● THE PROBLEM:
Across the material that follows, tally each line in which "Record" occurs, and state the total alone.

● DATA UNDER STUDY:
Definition dE (rho : sec -> fn -> fn) (br : sec -> sec -> sec)
    (eta : M -> 'cV[R]_n) (s1 s2 : sec) : fn :=
  fun x => 2^-1 * (rho s1 (etaE eta s2) x - rho s2 (etaE eta s1) x
                    - etaE eta (br s1 s2) x).

Definition OmegaE (F : M -> 'M[R]_n) (g : M -> 'M[R]_n) (s1 s2 : sec) : fn :=
  gE g s1 (FE F s2).

Record almost_contact_riemannian (A : fn -> Prop) (G : sec -> Prop)
    (F : M -> 'M[R]_n) (xi : sec) (eta : M -> 'cV[R]_n) (g : M -> 'M[R]_n)
    : Prop := {
  ac_F_G : forall s, G s -> G (FE F s);
  ac_xi_G : G xi;
  ac_eta_A : forall s, G s -> A (etaE eta s);
  ac_g_A : forall s t, G s -> G t -> A (gE g s t);
  ac_g_sym : forall x, (g x)^T = g x;
  ac_g_pos : forall x (v : 'rV[R]_n), v != 0 -> 0 < (v *m g x *m v^T) 0 0;
  ac_F2 : forall s, G s ->
      FE F (FE F s) = adds (scales (cstf (-1)) s) (scales (etaE eta s) xi);
  ac_eta_xi : etaE eta xi = cstf 1;
  ac_g_F : forall s1 s2, G s1 -> G s2 ->
      gE g (FE F s1) (FE F s2)
      = fun x => gE g s1 s2 x - etaE eta s1 x * etaE eta s2 x }.

End Defs.

Section Contact.
Variables (R : realType) (M : Type) (m : nat).
Notation n := (m.*2.+1).
Notation sec := (M -> 'rV[R]_n).

(* value at x of eta /\ (d_E eta)^m on s_0, ..., s_{2m}
   (up to a positive normalisation constant, irrelevant for vanishing) *)
Definition eta_wedge_deta (rho : sec -> (M -> R) -> (M -> R))
    (br : sec -> sec -> sec) (eta : M -> 'cV[R]_n) (s : 'I_n -> sec) (x : M) : R :=
  \sum_(sg : 'S_n)
    (-1) ^+ odd_perm sg * etaE eta (s (sg ord0)) x *
    \prod_(i < m) dE rho br eta (s (sg (inord i.*2.+1))) (s (sg (inord i.*2.+2))) x.

Record contact_riemannian (A : (M -> R) -> Prop) (G : sec -> Prop)
    (rho : sec -> (M -> R) -> (M -> R)) (br : sec -> sec -> sec)
    (F : M -> 'M[R]_n) (xi : sec) (eta : M -> 'cV[R]_n) (g : M -> 'M[R]_n)
    : Prop := {
  cr_lie : lie_algebroid A G rho br;
  cr_acr : almost_contact_riemannian A G F xi eta g;
  cr_nowhere : forall x : M, exists s : 'I_n -> sec,
      (forall i, G (s i)) /\ eta_wedge_deta rho br eta s x != 0;
  cr_deta : forall s1 s2, G s1 -> G s2 ->
      dE rho br eta s1 s2 = OmegaE F g s1 s2 }.
End Contact.

Section Conn.
Variables (R : realType) (M : Type) (n : nat).
Notation sec := (M -> 'rV[R]_n).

● OUTPUT FOR THIS TASK:
2